Resolved, By the House of Representatives, the Senate concurring, That, in view of these results, the enfranchisement of women in every State and Territory of the American Union is hereby recommended as a measure tending to the advancement of a higher and better social order;

Resolved, That an authenticated copy of these resolutions be forwarded by the Governor of the State to the Legislature of every State and Territory, and that the press be requested to call public attention to these resolutions.

Edward W. Stone, "President of the Senate."
J. S. Atherley, "Speaker of the House."
Approved Feb. 13, 1901.
Deforest Richards,"Governor."

For a number of years women served on grand and petit juries.
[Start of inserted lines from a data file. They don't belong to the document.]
(* Let $p\in\mathbb{N}$, $\xi_k=\frac{k}{p}\pi$ for $k=0,\dots,p$, and let $\beta=(\beta_0,\dots,\beta_p)\in\mathbb{R}^{p+1}$. Define $g(\xi)=\sum_{j=0}^p\beta_j\cos(j\xi)$ and $\mathbf{g}=(g(\xi_0),\dots,g(\xi_p))\in\mathbb{R}^{p+1}$. Then $\|\beta\|_2\le\frac{2}{\sqrt{p+1}}\|\mathbf{g}\|_2$. *)

From mathcomp Require Import all_boot all_order all_algebra.
From mathcomp Require Import all_classical all_reals all_analysis.
Set Implicit Arguments. Unset Strict Implicit. Unset Printing Implicit Defensive.
Import Order.TTheory GRing.Theory Num.Theory.
Local Open Scope ring_scope.

Definition xi (R : realType) (p k : nat) : R := (k%:R / p%:R) * pi.

Definition gcos (R : realType) (p : nat) (beta : 'I_p.+1 -> R) (x : R) : R :=
  \sum_(j < p.+1) beta j * cos (j%:R * x).

Definition norm2 (R : realType) (n : nat) (v : 'I_n -> R) : R :=
  Num.sqrt (\sum_(i < n) v i ^+ 2).

From mathcomp Require Import all_boot all_order all_algebra.
From mathcomp Require Import all_classical all_reals all_analysis.
From mathcomp Require Import ring lra zify.
Set Implicit Arguments. Unset Strict Implicit. Unset Printing Implicit Defensive.
Import Order.TTheory GRing.Theory Num.Theory.
Local Open Scope ring_scope.

(* Weight the nodes by the trapezoidal rule: 1/2 at xi_0 and xi_p, 1 elsewhere.
   By product-to-sum, the weighted inner product of k |-> cos (j xi_k) and
   k |-> cos (l xi_k) is half the sum of the weighted sums of cos (m xi_k) for
   m = j + l and m = |j - l|; multiplying by sin h with h = m pi / 2p and
   telescoping shows these vanish for 0 < m < 2p, while they equal p for
   m = 0 and m = 2p.  So the sampled cosines of degree 0..p are orthogonal
   with squared weighted norms >= p/2, whence p/2 |beta|^2 is at most the
   weighted, hence the plain, squared norm of the samples of g.  For p >= 1,
   p/2 >= (p+1)/4, which is the constant of the theorem; p = 0 is trivial. *)

Section Trigonometry.
Variable R : realType.

Lemma sin_natr_mulpi (m : nat) : sin (m%:R * pi) = 0 :> R.
Proof. by rewrite mulr_natl -[_ *+ _]add0r (alternatingn (@sinDpi R)) sin0 mulr0. Qed.

Lemma cos_natr_mul2pi (m : nat) : cos (m%:R * (pi *+ 2)) = 1 :> R.
Proof. by rewrite mulr_natl -[_ *+ _]add0r (periodicn (@cosD2pi R)) cos0. Qed.

Lemma cos_mul_cos (x y : R) : cos x * cos y = (cos (x + y) + cos (x - y)) / 2.
Proof. by rewrite cosD cosB; field. Qed.

Lemma sin_mul_sum_cos (n : nat) (h : R) :
  2 * sin h * \sum_(k < n.+1) cos (k%:R * (2 * h)) =
  sin ((n%:R * 2 + 1) * h) + sin h.
Proof.
elim: n => [|n IHn]; first by rewrite big_ord1 mul0r cos0 mul0r add0r mul1r; ring.
rewrite big_ord_recr mulrDr IHn /=.
have -> : ((n.+1)%:R * 2 + 1) * h = (n.+1)%:R * (2 * h) + h by rewrite -natr1; ring.
have -> : (n%:R * 2 + 1) * h = (n.+1)%:R * (2 * h) - h by rewrite -natr1; ring.
by rewrite sinB sinD; ring.
Qed.

End Trigonometry.

Section TrapezoidalSum.
Variables (R : realType) (p : nat).

Definition trapezoid (f : nat -> R) : R := \sum_(k < p.+1) f k - (f 0%N + f p) / 2.

Lemma trapezoidD (f g : nat -> R) :
  trapezoid (fun k => f k + g k) = trapezoid f + trapezoid g.
Proof. by rewrite /trapezoid big_split /=; ring. Qed.

Lemma trapezoidZ (a : R) (f : nat -> R) :
  trapezoid (fun k => a * f k) = a * trapezoid f.
Proof. by rewrite /trapezoid -mulr_sumr; ring. Qed.

Lemma trapezoid_sum (I : Type) (r : seq I) (F : I -> nat -> R) :
  trapezoid (fun k => \sum_(i <- r) F i k) = \sum_(i <- r) trapezoid (F i).
Proof.
elim: r => [|i r IHr].
  rewrite big_nil /trapezoid; under eq_bigr do rewrite big_nil.
  by rewrite big1_eq !big_nil addr0 mul0r subrr.
rewrite big_cons -IHr -trapezoidD; congr trapezoid; apply: funext => k.
by rewrite big_cons.
Qed.

Lemma trapezoid_cst1 : trapezoid (fun=> 1) = p%:R.
Proof. by rewrite /trapezoid sumr_const card_ord mulrSr; lra. Qed.

Lemma trapezoid_le_sum (f : nat -> R) :
  0 <= f 0%N -> 0 <= f p -> trapezoid f <= \sum_(k < p.+1) f k.
Proof. by rewrite /trapezoid => f0 fp; lra. Qed.

Lemma sin_mul_trapezoid_cos (h : R) :
  2 * sin h * trapezoid (fun k => cos (k%:R * (2 * h))) = sin (p%:R * (2 * h)) * cos h.
Proof.
rewrite /trapezoid mulrBr sin_mul_sum_cos mul0r cos0.
have -> : (p%:R * 2 + 1) * h = p%:R * (2 * h) + h by ring.
by rewrite sinD; field.
Qed.

End TrapezoidalSum.
Section CosineAtNodes.
Variables (R : realType) (p : nat).

Definition cos_node (m k : nat) : R := cos (m%:R * xi R p k).

Lemma trapezoid_cos_node0 : trapezoid p (cos_node 0) = p%:R.
Proof.
rewrite -(trapezoid_cst1 R p); congr trapezoid; apply: funext => k.
by rewrite /cos_node mul0r cos0.
Qed.

Lemma trapezoid_cos_node_double : trapezoid p (cos_node p.*2) = p%:R.
Proof.
have [p0|p_gt0] := posnP p; first by rewrite [in p.*2]p0 trapezoid_cos_node0.
rewrite -(trapezoid_cst1 R p); congr trapezoid; apply: funext => k.
have pn0 : p%:R != 0 :> R by rewrite pnatr_eq0 -lt0n.
rewrite /cos_node.
have -> : p.*2%:R * xi R p k = k%:R * (pi *+ 2) by rewrite /xi -muln2 natrM; field.
exact: cos_natr_mul2pi.
Qed.

Lemma trapezoid_cos_node_eq0 (m : nat) :
  (0 < m < p.*2)%N -> trapezoid p (cos_node m) = 0.
Proof.
move=> /andP[m_gt0 m_lt]; have p_gt0 : (0 < p)%N by lia.
have pn0 : p%:R != 0 :> R by rewrite pnatr_eq0 -lt0n.
pose h : R := m%:R * pi / (p%:R * 2).
have node_h k : m%:R * xi R p k = k%:R * (2 * h) by rewrite /xi /h; field.
have sin_h_gt0 : 0 < sin h.
  apply: sin_gt0_pi; rewrite divr_gt0 ?mulr_gt0 ?pi_gt0 ?ltr0n //=.
  rewrite ltr_pdivrMr ?mulr_gt0 ?ltr0n // mulrC ltr_pM2l ?pi_gt0 //.
  by rewrite -natrM ltr_nat muln2.
have := sin_mul_trapezoid_cos p h.
have -> : p%:R * (2 * h) = m%:R * pi by rewrite /h; field.
rewrite sin_natr_mulpi mul0r => /eqP; rewrite !mulf_eq0 pnatr_eq0 (gt_eqF sin_h_gt0) /=.
have -> : (fun k => cos (k%:R * (2 * h))) = cos_node m.
  by apply: funext => k; rewrite /cos_node node_h.
exact/eqP.
Qed.

Lemma trapezoid_cos_node_mul (j l : nat) : (l <= j)%N ->
  trapezoid p (fun k => cos_node j k * cos_node l k) =
  (trapezoid p (cos_node (j + l)) + trapezoid p (cos_node (j - l))) / 2.
Proof.
move=> lj; rewrite mulrC -trapezoidD -trapezoidZ; congr trapezoid; apply: funext => k.
by rewrite /cos_node natrD natrB // mulrDl mulrBl cos_mul_cos mulrC.
Qed.

Lemma trapezoid_cos_node_orthogonal (j l : nat) : (j <= p)%N -> (l <= p)%N -> j != l ->
  trapezoid p (fun k => cos_node j k * cos_node l k) = 0.
Proof.
wlog lj : j l / (l < j)%N => [wlog_lt|] jp lp jl.
  have [/wlog_lt->//|gt_jl|eq_jl] := ltngtP l j; last by rewrite eq_jl eqxx in jl.
  have -> : (fun k => cos_node j k * cos_node l k) = (fun k => cos_node l k * cos_node j k).
    by apply: funext => k; rewrite mulrC.
  by rewrite wlog_lt // eq_sym.
rewrite (trapezoid_cos_node_mul (ltnW lj)) !trapezoid_cos_node_eq0.
- by rewrite addr0 mul0r.
- lia.
- lia.
Qed.

Lemma trapezoid_cos_node_sqr_ge (j : nat) : (j <= p)%N ->
  p%:R / 2 <= trapezoid p (fun k => cos_node j k * cos_node j k).
Proof.
move=> jp; rewrite trapezoid_cos_node_mul // subnn trapezoid_cos_node0 addnn.
suff : 0 <= trapezoid p (cos_node j.*2) by lra.
have [->|j_gt0] := posnP j; first by rewrite trapezoid_cos_node0 ler0n.
have [->|j_neq] := eqVneq j p; first by rewrite trapezoid_cos_node_double ler0n.
by rewrite trapezoid_cos_node_eq0 //; lia.
Qed.

End CosineAtNodes.

Lemma trapezoid_gcos_sqr (R : realType) (p : nat) (beta : 'I_p.+1 -> R) :
  trapezoid p (fun k => gcos beta (xi R p k) ^+ 2) =
  \sum_(j < p.+1) beta j ^+ 2 * trapezoid p (fun k => cos_node R p j k * cos_node R p j k).
Proof.
have -> : (fun k => gcos beta (xi R p k) ^+ 2) = (fun k => \sum_(j < p.+1) \sum_(l < p.+1)
    beta j * beta l * (cos_node R p j k * cos_node R p l k)).
  apply: funext => k; rewrite /gcos expr2 big_distrlr.
  by apply: eq_bigr => j _; apply: eq_bigr => l _; rewrite /= mulrACA.
rewrite trapezoid_sum; apply: eq_bigr => j _.
rewrite trapezoid_sum (bigD1 j) //= big1 ?addr0 => [|l lj]; rewrite trapezoidZ.
  by rewrite expr2.
by rewrite trapezoid_cos_node_orthogonal ?mulr0 ?leq_ord // eq_sym.
Qed.

Lemma sum_sqr_le_sum_gcos_sqr (R : realType) (p : nat) (beta : 'I_p.+1 -> R) :
  p%:R / 2 * \sum_(j < p.+1) beta j ^+ 2 <= \sum_(k < p.+1) gcos beta (xi R p k) ^+ 2.
Proof.
apply: le_trans (@trapezoid_le_sum R p (fun k => gcos beta (xi R p k) ^+ 2)
  (sqr_ge0 _) (sqr_ge0 _)).
rewrite trapezoid_gcos_sqr mulr_sumr; apply: ler_sum => j _.
by rewrite mulrC ler_wpM2l ?sqr_ge0 ?trapezoid_cos_node_sqr_ge ?leq_ord.
Qed.

Lemma sqrtr_le_div_sqrtr (R : rcfType) (n a b : R) : 0 < n -> 0 <= b ->
  n * a <= 4 * b -> Num.sqrt a <= 2 / Num.sqrt n * Num.sqrt b.
Proof.
move=> n_gt0 b_ge0 le_na.
have -> : 2 / Num.sqrt n * Num.sqrt b = Num.sqrt (4 / n * b).
  rewrite sqrtrM ?divr_ge0 ?ltW // sqrtrM ?ler0n // sqrtrV ?ltW //.
  have -> : 4 = 2 ^+ 2 :> R by rewrite expr2 -natrM.
  by rewrite sqrtr_sqr ger0_norm.
by apply: ler_wsqrtr; rewrite mulrAC ler_pdivlMr // mulrC.
Qed.

Theorem mainTheorem16 (R : realType) (p : nat) (beta : 'I_p.+1 -> R) :
  norm2 beta <=
  2 / Num.sqrt (p.+1)%:R * norm2 (fun k : 'I_p.+1 => gcos beta (xi R p k)).
Proof.
case: p beta => [|p] beta.
  rewrite /norm2 /gcos !big_ord1 /= mul0r cos0 mulr1 sqrtr1 divr1.
  have := sqrtr_ge0 (beta ord0 ^+ 2); lra.
apply: sqrtr_le_div_sqrtr; first by rewrite ltr0n.
  by rewrite sumr_ge0 // => k _; rewrite sqr_ge0.
have := sum_sqr_le_sum_gcos_sqr beta.
set Sb := \sum_(j < _) beta j ^+ 2; set Sg := \sum_(k < _) _.
have Sb_ge0 : 0 <= Sb by rewrite sumr_ge0 // => j _; rewrite sqr_ge0.
have : 0 <= p%:R * Sb by rewrite mulr_ge0 ?ler0n.
have e1 : p.+1%:R = p%:R + 1 :> R by rewrite natr1.
have e2 : p.+2%:R = p%:R + 2 :> R by rewrite -addn2 natrD.
rewrite e1 e2; lra.
Qed.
In compiling the first volume of the Laws of Wyoming, Secretary and Acting Governor Edward M. Lee said:

In the provisions of the woman suffrage clause, enacted in 1869, we placed this youngest Territory on earth in the van of civilization and progress. That this statement has been verified by practical experience the testimony is unanimous, continuous and conclusive. Not a link is wanting in the chain of evidence and, as a Governor of the Territory once said: "The only dissenting voices against woman suffrage have been those of convicts who have been tried and found guilty by women jurors." Women exercised the right of jurors and contributed to the speedy release of the Territory from the régime of the pistol and bowie-knife. They not only performed their new duties without losing any of the womanly virtues, and with dignity and decorum, but good results were immediately seen. Chief Justice J. H. Howe, of the Supreme Court, under whose direction women were first drawn on juries, wrote in 1872: "After the grand jury had been in session two days the dance-house keepers, gamblers and demi-monde fled out of the State in dismay to escape the indictment of women jurors. In short, I have never, in twenty-five years' experience in the courts of the country, seen a more faithful and resolutely honest grand and petit jury than these."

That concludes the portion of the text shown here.